When Your Heart Fails You Will Not Walk Alone by Dr Lin Weiqin
The Straits Times 26 August 2019
Heart failure is a growing epidemic but a multidisciplinary team will help patients manage the condition
I first met Peter, 61, when he was admitted to hospital last year.
He had undergone cardiac bypass surgery more than five years ago after being diagnosed with multiple blockages in his heart arteries.
Having been healthy till that point, he was shocked that he had to undergo surgery.
Traumatised by it, he developed a fear of going to hospital. He decided to skip the follow-up visits as he felt fine after surgery. He also stopped taking his medications after a while.
Peter started feeling things were amiss a few months prior to that admission. He developed shortness of breath on minimal exertion and felt tired most of the time.
Sleeping became a problem as he could not lie flat without feeling breathless. Eventually, his abdomen and lower limbs swelled, causing him great distress.
He finally decided to go to hospital though, by then, it was apparent he had developed heart failure. It was caused by his underlying coronary heart disease, which was not managed with medications.
Heart failure is a condition where the heart is unable to pump efficiently enough to supply blood to the vital organs of the body. Only 50 per cent of those diagnosed with heart failure remain alive five years after the initial diagnosis.
In Singapore, some 4.5 per cent of the population currently live with heart failure. It is a growing epidemic and one of the most common causes of hospital admissions here.
To date, there is no single test that allows doctors to make the diagnosis of heart failure in isolation. Doctors have to integrate the information obtained from a patient’s clinical history, the physical assessment and specialised investigations, to come to a diagnosis of heart failure.
Common complaints of heart failure patients include fatigue, shortness of breath on exertion, shortness of breath on lying flat, abdominal swelling and lower limb swelling. These are signs of what is commonly known as “water retention”.
On examining these patients, doctors are often able to find swollen neck veins, abnormal heart sounds and fluid sound in the lungs.
At this point, they will send most patients for specialised cardiac investigations to support the diagnosis of heart failure and look for the underlying cause.
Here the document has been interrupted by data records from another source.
(* For x > z no boundary value is admissible, so [(x ux + y uy + z uz) / 2]
   would be an eigenvalue of [[x, y], [y, z]] on a half-line of y's. *)
Lemma linear_cand_cond ux uy uz gx gy gz :
  (forall x y z, 0 <= x * gx + y * gy + z * gz ->
     sym_cand x y z ((x * ux + y * uy + z * uz) / 2)) ->
  [/\ gy = 0, gz = - gx & gx < 0].
Proof.
move=> cand.
have root x y z : z < x -> 0 <= x * gx + y * gy + z * gz ->
    (x - ((x * ux + z * uz) / 2 + uy / 2 * y)) *
    (z - ((x * ux + z * uz) / 2 + uy / 2 * y)) = y ^+ 2.
  have -> : (x * ux + z * uz) / 2 + uy / 2 * y = (x * ux + y * uy + z * uz) / 2 by lra.
  by move=> zx /cand [//|[]]; lra.
have gy0 : gy = 0.
  have [//|gy_neq0] := eqVneq gy 0; exfalso.
  apply: (sym_eig_not_affine (a := (1 * ux + 0 * uz) / 2) (b := uy / 2) (c := gx)
    ltr01 (or_introl gy_neq0)) => y g.
  by apply: root => //; lra.
have gneg x z : z < x -> x * gx + z * gz < 0.
  move=> zx; rewrite ltNge; apply/negP => g.
  apply: (sym_eig_not_affine (a := (x * ux + z * uz) / 2) (b := uy / 2) (d := 0)
    zx (or_intror g)) => y _.
  by apply: root; rewrite ?gy0 //; lra.
have gx_lt0 : gx < 0 by have := gneg 1 0 ltr01; lra.
split=> //; have [/eqP|s_neq0] := eqVneq (gx + gz) 0.
  by rewrite addrC addr_eq0 => /eqP.
have := gneg (- gx / (gx + gz) + 1) (- gx / (gx + gz)) ltac:(lra).
by rewrite mulrDl mul1r addrAC -mulrDr divfK //; lra.
Qed.

Lemma linear_cand_value ux uy uz :
  (forall x y z, x < z -> sym_cand x y z ((x * ux + y * uy + z * uz) / 2)) ->
  [/\ ux = 1, uz = 1 & uy = 2 \/ uy = -2].
Proof.
move=> cand.
have at_pt x y z r1 r2 : x < z -> r1 + r2 = x + z -> r1 * r2 = x * z - y ^+ 2 ->
    let l := (x * ux + y * uy + z * uz) / 2 in
    [\/ l = r1, l = r2, 2 * l = x + 2 * y + z | 2 * l = x - 2 * y + z].
  by move=> xz sum prod; apply: sym_cand_roots sum prod (cand _ _ _ xz).
have [uz1 uy2] : uz = 1 /\ (uy = 2 \/ uy = -2).
  have := at_pt 0 0 1 0 1 ltr01 ltac:(lra) ltac:(lra).
  have := at_pt 0 (2 / 3) 1 (4 / 3) (-1 / 3) ltr01 ltac:(lra) ltac:(lra).
  have := at_pt 0 (3 / 8) 1 (9 / 8) (-1 / 8) ltr01 ltac:(lra) ltac:(lra).
  by move=> /= [?|?|?|?] [?|?|?|?] [?|?|?|?]; lra.
split=> //.
have := at_pt (-1) 0 0 (-1) 0 ltac:(lra) ltac:(lra) ltac:(lra).
have := at_pt (-1) 0 1 (-1) 1 ltac:(lra) ltac:(lra) ltac:(lra).
by move=> /= [?|?|?|?] [?|?|?|?]; lra.
Qed.

Lemma linear_cand ux uy uz gx gy gz :
  (forall x y z, 0 <= x * gx + y * gy + z * gz ->
     sym_cand x y z ((x * ux + y * uy + z * uz) / 2)) ->
  [/\ gy = 0, gz = - gx & gx < 0] /\ [/\ ux = 1, uz = 1 & uy = 2 \/ uy = -2].
Proof.
move=> cand; have [gy0 gzE gx_lt0] := linear_cand_cond cand; split=> //.
apply: linear_cand_value => x y z xz; apply: cand.
by rewrite gy0 gzE; nra.
Qed.
End LinearCandidates.

Section Preserver.
Set Implicit Arguments.
Unset Strict Implicit.
Variable R : realType.
Variables P S Q : 'M[R]_2.
Hypothesis pres : forall x y z,
  Lspectrum (x *: P + y *: S + z *: Q) = Lspectrum (mx2 x y y z).

Lemma Leig_pres x y z l :
  Leig (x *: P + y *: S + z *: Q) l <-> Leig (mx2 x y y z) l.
Proof. by have := pres x y z; rewrite /Lspectrum => ->. Qed.

Lemma bil_comb x y z s t : bil (x *: P + y *: S + z *: Q) s t =
  x * bil P s t + y * bil S s t + z * bil Q s t.
Proof. by rewrite /bil !mxE /=; ring. Qed.

Lemma bil_ray_coef e : e = 1 \/ e = -1 ->
  [/\ bil S (- e) e = 0, bil Q (- e) e = - bil P (- e) e & bil P (- e) e < 0] /\
  [/\ bil P e e = 1, bil Q e e = 1 & bil S e e = 2 \/ bil S e e = -2].
Proof.
move=> he; apply: linear_cand => x y z g; apply/Leig_mx2_sym/Leig_pres.
by rewrite -!bil_comb; apply: Leig_ray; rewrite ?bil_comb.
Qed.

Let a := P ord_max ord_max.
Let c := P ord0 ord_max.

Lemma P_Q_shape : P = mx2 (1 - a) c (- c) a /\ Q = mx2 a (- c) c (1 - a).
Proof.
have [[_ Q1 _] [P11 Q11 _]] := bil_ray_coef (or_introl erefl).
have [[_ Q2 _] [P22 Q22 _]] := bil_ray_coef (or_intror erefl).
move: Q1 P11 Q11 Q2 P22 Q22; rewrite /bil /a /c ?opprK => *.
by split; apply: mx2P; lra.
Qed.

Lemma Q_Leig1 : Leig Q 1.
Proof.
have -> : Q = 0 *: P + 0 *: S + 1 *: Q by rewrite !scale0r scale1r !add0r.
apply/Leig_pres; apply: (Leig_eigvec (v := col2 0 1)).
- apply/eqP => /(congr1 (fun v : 'cV[R]_2 => v ord_max ord0)).
  by rewrite !mxE /= => /eqP; rewrite oner_eq0.
- by rewrite /lorentz !mxE /= normr0.
- by apply/matrixP => i j; rewrite mulmx_col2 !mxE /=; case: (i == ord0); lra.
Qed.

Lemma c_sqr : c ^+ 2 = a ^+ 2 - a.
Proof.
have [_ Q_eq] := P_Q_shape.
case/Leig_cases: Q_Leig1 => [|[e he [h _]]].
  by rewrite det2E Q_eq !mxE /= mulr1n mulr0n subr0; lra.
by move: h; rewrite Q_eq /bil !mxE /=; case: he => ->; lra.
Qed.

Lemma a_le0 : a <= 0.
Proof.
have [P_eq _] := P_Q_shape.
have [[_ _ neg1] _] := bil_ray_coef (or_introl erefl).
have [[_ _ neg2] _] := bil_ray_coef (or_intror erefl).
move: neg1 neg2; rewrite P_eq /bil !mxE /= opprK => neg1 neg2.
have := c_sqr; have := sqr_ge0 c; nra.
Qed.

Lemma S_shape : exists2 e, e = 1 \/ e = -1 & S = mx2 0 e e 0 \/ S = mx2 e 0 0 e.
Proof.
have [[S1 _ _] [_ _ S11]] := bil_ray_coef (or_introl erefl).
have [[S2 _ _] [_ _ S22]] := bil_ray_coef (or_intror erefl).
move: S1 S2 S11 S22; rewrite /bil ?opprK => S1 S2 [S11|S11] [S22|S22].
- by exists 1; [left | right; apply: mx2P; lra].
- by exists 1; [left | left; apply: mx2P; lra].
- by exists (-1); [right | left; apply: mx2P; lra].
- by exists (-1); [right | right; apply: mx2P; lra].
Qed.

(* If S = e I, then phi [[0, 1], [1, 1]] = Q + e I has eigenvalues e, e + 1 and
   boundary values e + 1/2, none equal to the boundary value (1 - 2 e) / 2 of
   [[0, 1], [1, 1]]. *)
Lemma S_offdiag : exists2 e, e = 1 \/ e = -1 & S = mx2 0 e e 0.
Proof.
have [e he [->|S_eq]] := S_shape; first by exists e.
have : Leig (0 *: P + 1 *: S + 1 *: Q) ((1 - 2 * e) / 2).
  apply/Leig_pres.
  have -> : (1 - 2 * e) / 2 = bil (mx2 0 1 1 1) (- e) (- e) / 2.
    by rewrite /bil !mxE /=; case: he => ->; lra.
  apply: Leig_ray; first by case: he => ->; [right | left]; rewrite ?opprK.
  by rewrite /bil !mxE /= opprK; case: he => ->; lra.
case/Leig_cases => [|[e' he' [h _]]].
  have [_ Q_eq] := P_Q_shape; have := c_sqr.
  rewrite det2E S_eq Q_eq !mxE /= mulr1n mulr0n !subr0.
  by case: he => ->; lra.
have [_ [_ Q1 _]] := bil_ray_coef he'.
move: h; rewrite bil_comb Q1 S_eq /bil !mxE /=.
by case: he' => ->; case: he => ->; lra.
Qed.

Lemma P_Q_param : exists a s, [/\ a <= 0, s = 1 \/ s = -1,
  P = mx2 (1 - a) (- s * Num.sqrt (a ^+ 2 - a)) (s * Num.sqrt (a ^+ 2 - a)) a
  & Q = mx2 a (s * Num.sqrt (a ^+ 2 - a)) (- s * Num.sqrt (a ^+ 2 - a)) (1 - a)].
Proof.
have [P_eq Q_eq] := P_Q_shape.
have sqrtE : Num.sqrt (a ^+ 2 - a) = `|c| by rewrite -c_sqr sqrtr_sqr.
have [c_ge0|c_lt0] := lerP 0 c.
  exists a, (-1); rewrite sqrtE ger0_norm //; split; rewrite ?a_le0 //; first by right.
    by apply: etrans P_eq _; congr mx2; ring.
  by apply: etrans Q_eq _; congr mx2; ring.
exists a, 1; rewrite sqrtE ltr0_norm //; split; rewrite ?a_le0 //; first by left.
  by apply: etrans P_eq _; congr mx2; ring.
by apply: etrans Q_eq _; congr mx2; ring.
Qed.

Lemma P_Q_sym : P^T = P -> P = mx2 1 0 0 0 /\ Q = mx2 0 0 0 1.
Proof.
have [P_eq Q_eq] := P_Q_shape.
move/(congr1 (fun B : 'M[R]_2 => B ord0 ord_max)); rewrite P_eq !mxE /= => c0.
have {}c0 : c = 0 by lra.
have a0 : a = 0.
  have := c_sqr; have := a_le0; rewrite c0; nra.
by rewrite Q_eq a0 c0 subr0 oppr0.
Qed.
End Preserver.

Theorem lemma4p3 (R : realType) (sym : bool) (phi : 'M[R]_2 -> 'M[R]_2)
  (phiW : forall A, inW sym A -> inW sym (phi A))
  (phi_lin : forall (c : R) A B, inW sym A -> inW sym B ->
      phi (c *: A + B) = c *: phi A + phi B)
  (phi_pres : forall A, inW sym A -> Lspectrum (phi A) = Lspectrum A) :
  (exists a : R, exists s : R, [/\ a <= 0, s = 1 \/ s = -1,
     phi (@E R ord0 ord0) =
       mx2 (1 - a) (- s * Num.sqrt (a ^+ 2 - a)) (s * Num.sqrt (a ^+ 2 - a)) a
   & phi (@E R ord_max ord_max) =
       mx2 a (s * Num.sqrt (a ^+ 2 - a)) (- s * Num.sqrt (a ^+ 2 - a)) (1 - a)])
  /\ (exists m r t : R, (t = 1 \/ t = -1) /\
       phi (@E R ord0 ord_max + @E R ord_max ord0) = mx2 m r (- r + t * 2) (- m))
  /\ (sym ->
       [/\ phi (@E R ord0 ord0) = @E R ord0 ord0,
           phi (@E R ord_max ord_max) = @E R ord_max ord_max
         & exists m r : R, (r = 1 \/ r = -1) /\
             phi (@E R ord0 ord_max + @E R ord_max ord0) = mx2 m r r (- m)]).
Proof.
rewrite E11_mx2 E22_mx2 E12_E21_mx2.
set P := phi (mx2 1 0 0 0); set S := phi (mx2 0 1 1 0); set Q := phi (mx2 0 0 0 1).
have pres x y z : Lspectrum (x *: P + y *: S + z *: Q) = Lspectrum (mx2 x y y z).
  by rewrite -(linear_mx2_sym phi_lin) phi_pres //; exact: inW_mx2.
have [e he S_eq] := S_offdiag pres.
split; [exact: P_Q_param pres | split].
  by exists 0, e, e; split=> //; rewrite S_eq; congr mx2; ring.
move=> hsym; have [-> ->] := P_Q_sym pres (phiW _ (inW_mx2 1 0 0) hsym).
by split=> //; exists 0, e; split=> //; rewrite S_eq oppr0.
Qed.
Peter underwent an echocardiogram, which revealed that the left heart had severely impaired pumping function.
Echocardiogram, or ultrasound examination of the heart, is one of the most important tests for doctors to assess patients with heart failure. It gives valuable information about the patient’s heart structure and function, which will guide subsequent investigations and management.
Peter also went for a repeat coronary angiogram, an invasive test allowing doctors to look at the blood flow in his heart arteries.
Unfortunately for Peter, the, angiogram revealed that his arteries had developed such severe blockages that it was no longer possible to perform stenting procedures to restore blood flow and his heart function.
The only option at this stage would be medical therapy and close follow-ups with the multidisciplinary heart failure team.
Peter met a dietitian, a physiotherapist and a pharmacist, who empowered him with the self-care knowledge to manage his condition at home.
Having realised the gravity of his heart condition, he promised he would keep to his medications and subsequent appointments at the clinic.
Since his first hospital admission five years ago, heart failure management has been boosted by the discovery of new drugs.
A new class of drugs called angiotensin receptor-neprilysin inhibitor has been shown to be superior to conventional treatment in reducing the morbidity and mortality in patients with very poor heart function.
In patients with heart failure and diabetes, a new class of diabetes drug, the sodium-glucose co-transporter 2 inhibitors, has also been shown to improve heart failure outcomes.
Peter was prescribed these two new drugs and he faithfully adhered to his clinic appointments after his discharge.
However, he remained symptomatic, unable to complete his day-to-day tasks without feeling short of breath.
So I sent him for an electrocardiogram or ECG, which showed that he was suitable for cardiac resynchronisation therapy: This involves implanting a special cardiac pacemaker in him to coordinate his heart chamber contraction and improve heart function. Peter had this done in March this year.
When I saw him a month later at the clinic, he reported that he was eating and sleeping better.
I congratulated him on his improvement, but we remained realistic about his condition.
I told him that should his symptoms worsen again, he might eventually require a left ventricular assist device or LVAD, a permanent pump implanted in the heart to improve blood delivery to the rest of the body.
Peter and his wife smiled at me. “We will continue to celebrate every good day and take everything else as they come,” he said. I found it hard to disagree with that.
Dr Lin Weiqin is a consultant with the Department of Cardiology at National University Heart Centre, Singapore.